HYPERSPERM, A NOVEL APPROACH TO IMPROVE EMBRYO DEVELOPMENT IN ART

Introduction

One of the main issues of in vitro fertilization (IVF) treatments is their inefficiency, just ~30% success rate overall, often requiring costly and painful repetitions to achieve a live birth. This drives prohibitive costs and crushing access barriers for most patients worldwide. Fecundis was founded with the mission to improve IVF by developing novel treatments based on a deeper understanding of the molecular and cellular mechanisms of reproduction. Fecundis first product, HyperSperm, is a sperm activator which increases sperm capacitation. Scientists at Fecundis have shown that the way sperm are handled before insemination has long range effects on embryo development and can be manipulated to provide more high-quality embryos from each patient.

Materials & Methods

HyperSperm is composed by 3 proprietary media that are used sequentially to process the semen sample for IVF. Preclinical studies of HyperSperm in mice were carried out in hybrid (BABL/c x C57BL/6) F1. Female mice were superovulated according to standard protocols. Egg–cumulus complexes were collected 13–14h after hCG and pooled. Mouse sperm were recovered by incising and incubating the cauda epididymis in TYH-HEPES for 15 min at 37˚C. Sperm were either capacitated in TYH-HEPES or treated with HyperSperm, as appropriate. Cumulus-intact eggs were inseminated with 0.5 × 10^6 cell/ml spermatozoa for 4 h at 37˚C. Embryos were cultured in KSOM and development was evaluated 3 days later and the number of embryos at the blastocyst stage was recorded. Embryos were either transferred to pseudo-pregnant females to test implantation potential and reproductive outcomes in offspring.
For initial clinical validation, 10 couples undergoing IVF with donated oocytes were included in a human trial. Sperm samples were divided into two halves and either processed by swim-up (Control) or treated with HyperSperm. Fourteen cumulus-oocyte complexes were assigned to each patient, 7 in each arm, and inseminated with the corresponding sperm preparation.
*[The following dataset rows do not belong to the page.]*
Lemma pair_trichotomy (T : finType) (a b : T) (S : {set T}) :
  a != b -> S != setT -> S != [set~ a] -> S != [set~ b] -> (2 <= #|S|)%N ->
  [\/ S \subset ~: [set a; b], S = [set a; b] |
      exists c d, [/\ (a \in S) || (b \in S), c \notin S, d \in S,
                      c \notin [set a; b] & d \notin [set a; b]]].
Proof.
move=> ab ST Sa Sb S2.
have [meets | avoids] := boolP ((a \in S) || (b \in S)); last first.
  apply: Or31; apply/subsetP => i iS; rewrite !inE negb_or.
  case/norP: avoids => aS bS; apply/andP.
  by split; [apply: (contraNneq _ aS) | apply: (contraNneq _ bS)] => <-.
have [in_pair | /subsetPn [d dS d_out]] := boolP (S \subset [set a; b]).
  by apply: Or32; apply/eqP; rewrite eqEcard in_pair cards2 ab.
have /subsetPn [c c_out cS] : ~~ (~: [set a; b] \subset S).
  apply/negP => big_S; case/orP: meets => [aS | bS].
  - exact: (co_pair_absurd aS big_S ST Sb).
  - by apply: (co_pair_absurd bS _ ST Sa); rewrite setUC.
by apply: Or33; exists c, d; rewrite inE in c_out.
Qed.

Section Barycentric.
Variables (R : realFieldType) (n : nat).
Local Notation V := 'rV[R]_n.
Variable e : 'I_n.+1 -> V.
Hypothesis e_affine : affinely_independent e.
Hypothesis e_sum0 : \sum_i e i = 0.

Lemma vertex_relation_const (c : 'I_n.+1 -> R) :
  \sum_i c i *: e i = 0 -> forall i j, c i = c j.
Proof.
move=> rel; set m := (\sum_i c i) / n.+1%:R.
have rel_m : \sum_i (c i - m) *: e i = 0.
  under eq_bigr do rewrite scalerBl.
  by rewrite sumrB rel -scaler_sumr e_sum0 scaler0 subr0.
have sum_m : \sum_i (c i - m) = 0.
  rewrite sumrB sumr_const card_ord /m; apply/eqP; rewrite subr_eq0; apply/eqP.
  by rewrite -[RHS]mulr_natr divfK // pnatr_eq0.
move=> i j; have c_m := e_affine rel_m sum_m.
by move: (c_m i) (c_m j) => /eqP + /eqP; rewrite !subr_eq0 => /eqP -> /eqP ->.
Qed.

Lemma coord_gap_eq (xc yc : 'I_n.+1 -> R) :
  \sum_i xc i *: e i = \sum_i yc i *: e i -> forall j l, xc j - xc l = yc j - yc l.
Proof.
move=> eq_xy j l; have := vertex_relation_const (c := fun i => xc i - yc i) _ j l.
under eq_bigr do rewrite scalerBl; rewrite sumrB eq_xy subrr => /(_ erefl).
lra.
Qed.

Lemma vertex_coords k : e k = \sum_i (i == k)%:R *: e i.
Proof.
rewrite (bigD1 k) //= eqxx scale1r big1 ?addr0 // => i /negbTE ->.
by rewrite scale0r.
Qed.

(* Distinct vertices have different coordinate gaps, hence differ. *)
Lemma vertex_inj : injective e.
Proof.
move=> i k eik; apply/eqP; apply: contraT => ik.
have := @coord_gap_eq (fun t => (t == i)%:R) (fun t => (t == k)%:R) _ i k.
rewrite -!vertex_coords eik => /(_ erefl).
rewrite !eqxx eq_sym (negbTE ik) subr0 sub0r => /eqP.
by rewrite -addr_eq0 -natrD pnatr_eq0.
Qed.

Lemma pos_hull_of_coords (S : {set 'I_n.+1}) (g : 'I_n.+1 -> R) :
  (forall i, i \in S -> 0 <= g i) -> in_pos_hullE e S (\sum_(i in S) g i *: e i).
Proof.
move=> g_ge0; exists (fun v => \sum_(i in S) (v == e i)%:R * g i).
have weight k : k \in S -> \sum_(i in S) (e k == e i)%:R * g i = g k.
  move=> kS; rewrite (bigD1 k) //= eqxx mul1r big1 ?addr0 // => i /andP [_ ik].
  by rewrite (inj_eq vertex_inj) eq_sym (negbTE ik) mul0r.
split.
- by move=> v /mapP [k]; rewrite mem_enum => kS ->; rewrite weight ?g_ge0.
- rewrite undup_id ?(map_inj_uniq vertex_inj) ?enum_uniq // big_map big_enum /=.
  by apply: eq_bigr => k kS; rewrite weight.
Qed.

Lemma coords_of_pos_hull S p : in_pos_hullE e S p ->
  exists g : 'I_n.+1 -> R, (forall i, i \in S -> 0 <= g i) /\ p = \sum_(i in S) g i *: e i.
Proof.
case=> c [c_ge0 ->]; exists (fun i => c (e i)); split.
- by move=> i iS; apply: c_ge0; apply/mapP; exists i; rewrite ?mem_enum.
- by rewrite undup_id ?(map_inj_uniq vertex_inj) ?enum_uniq // big_map big_enum.
Qed.

(* A point with support S has barycentric coordinates that are positive on S
   and zero off S: a zero coordinate on S would give a smaller support. *)
Lemma support_coords p S : is_support e p S ->
  exists P : 'I_n.+1 -> R, [/\ forall i, i \in S -> 0 < P i,
     forall i, i \notin S -> P i = 0 & p = \sum_i P i *: e i].
Proof.
case=> /coords_of_pos_hull [g [g_ge0 defp]] minS.
exists (fun i => if i \in S then g i else 0); split.
- move=> i iS; rewrite iS lt_def g_ge0 // andbT; apply/eqP => gi0.
  apply: (minS (S :\ i)); first by rewrite properD1.
  suff -> : p = \sum_(k in S :\ i) g k *: e k.
    by apply: pos_hull_of_coords => k /setD1P [_ /g_ge0].
  rewrite defp (bigD1 i) //= gi0 scale0r add0r.
  by apply: eq_bigl => k; rewrite !inE andbC.
- by move=> i /negbTE ->.
- by rewrite defp big_mkcond; apply: eq_bigr => i _; case: (i \in S); rewrite ?scale0r.
Qed.

(* A support is never the whole vertex set: subtracting the smallest
   coordinate from all coordinates represents the point without one vertex. *)
Lemma support_neqT p S : is_support e p S -> S != setT.
Proof.
move=> suppS; apply/eqP => ST; have [P [P_gt0 _ defp]] := support_coords suppS.
have [k _ minPk] := @arg_minP _ _ _ ord0 predT P isT.
case: suppS => _ minS; apply: (minS (setT :\ k)); first by rewrite ST properD1 ?inE.
suff -> : p = \sum_(i in setT :\ k) (P i - P k) *: e i.
  by apply: pos_hull_of_coords => i _; rewrite subr_ge0 minPk.
have -> : p = \sum_i (P i - P k) *: e i.
  under eq_bigr do rewrite scalerBl.
  by rewrite sumrB -scaler_sumr e_sum0 scaler0 subr0.
rewrite (bigD1 k) //= subrr scale0r add0r.
by apply: eq_bigl => i; rewrite !inE andbT.
Qed.

Lemma support_card p S : is_support e p S -> (#|S| <= n)%N.
Proof.
move=> /support_neqT ST; rewrite -ltnS.
have : (#|S| < #|[set: 'I_n.+1]|)%N by rewrite proper_card // properT.
by rewrite cardsT card_ord.
Qed.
Embryos were cultured in an Esco Miri time-lapse incubator to blastocyst stage. The primary outcome was blastocyst rate. Secondary outcomes were fertilization rate and developmental morphokinetics.

Results

In mice, HyperSperm increased both fertilization rate (71.9±6.4% vs 51.9±5.5%; p=0.032; n=10 experiments) and blastocyst rate (85.1±5.8% vs 65.1±6.2%; p=0.029; n=10 experiments) compared to the control, respectively (Figure 1). Further, implantation tests showed that HyperSperm blastocysts implant at a higher frequency than controls (76.0±11.2% vs 48.7±10.3%; p=0.163). Pups born from HyperSperm were all healthy at birth, of normal weight. Mating tests showed that both males and females were fertile.
In human, while fertilization rate was similar, the blastocyst rate was significantly higher in the HyperSperm group (36/53, 67.9% vs. 21/47, 44.7%; p=0.0159, Figure 2). HyperSperm increased blastocyst numbers in 8/10 cases, with an average 1.5 more blastocysts available for each patient. Morphokinetic development of HyperSperm blastocysts was not different from Control (p>0.05).

Discussion

Fecundis’s first development, HyperSperm, may have the potential to increase IVF efficiency by increasing the proportion of high-quality, competent blastocysts derived from a treatment, potentially lowering costs and repetitions in IVF. Full sperm capacitation may provide long range effect on embryo development.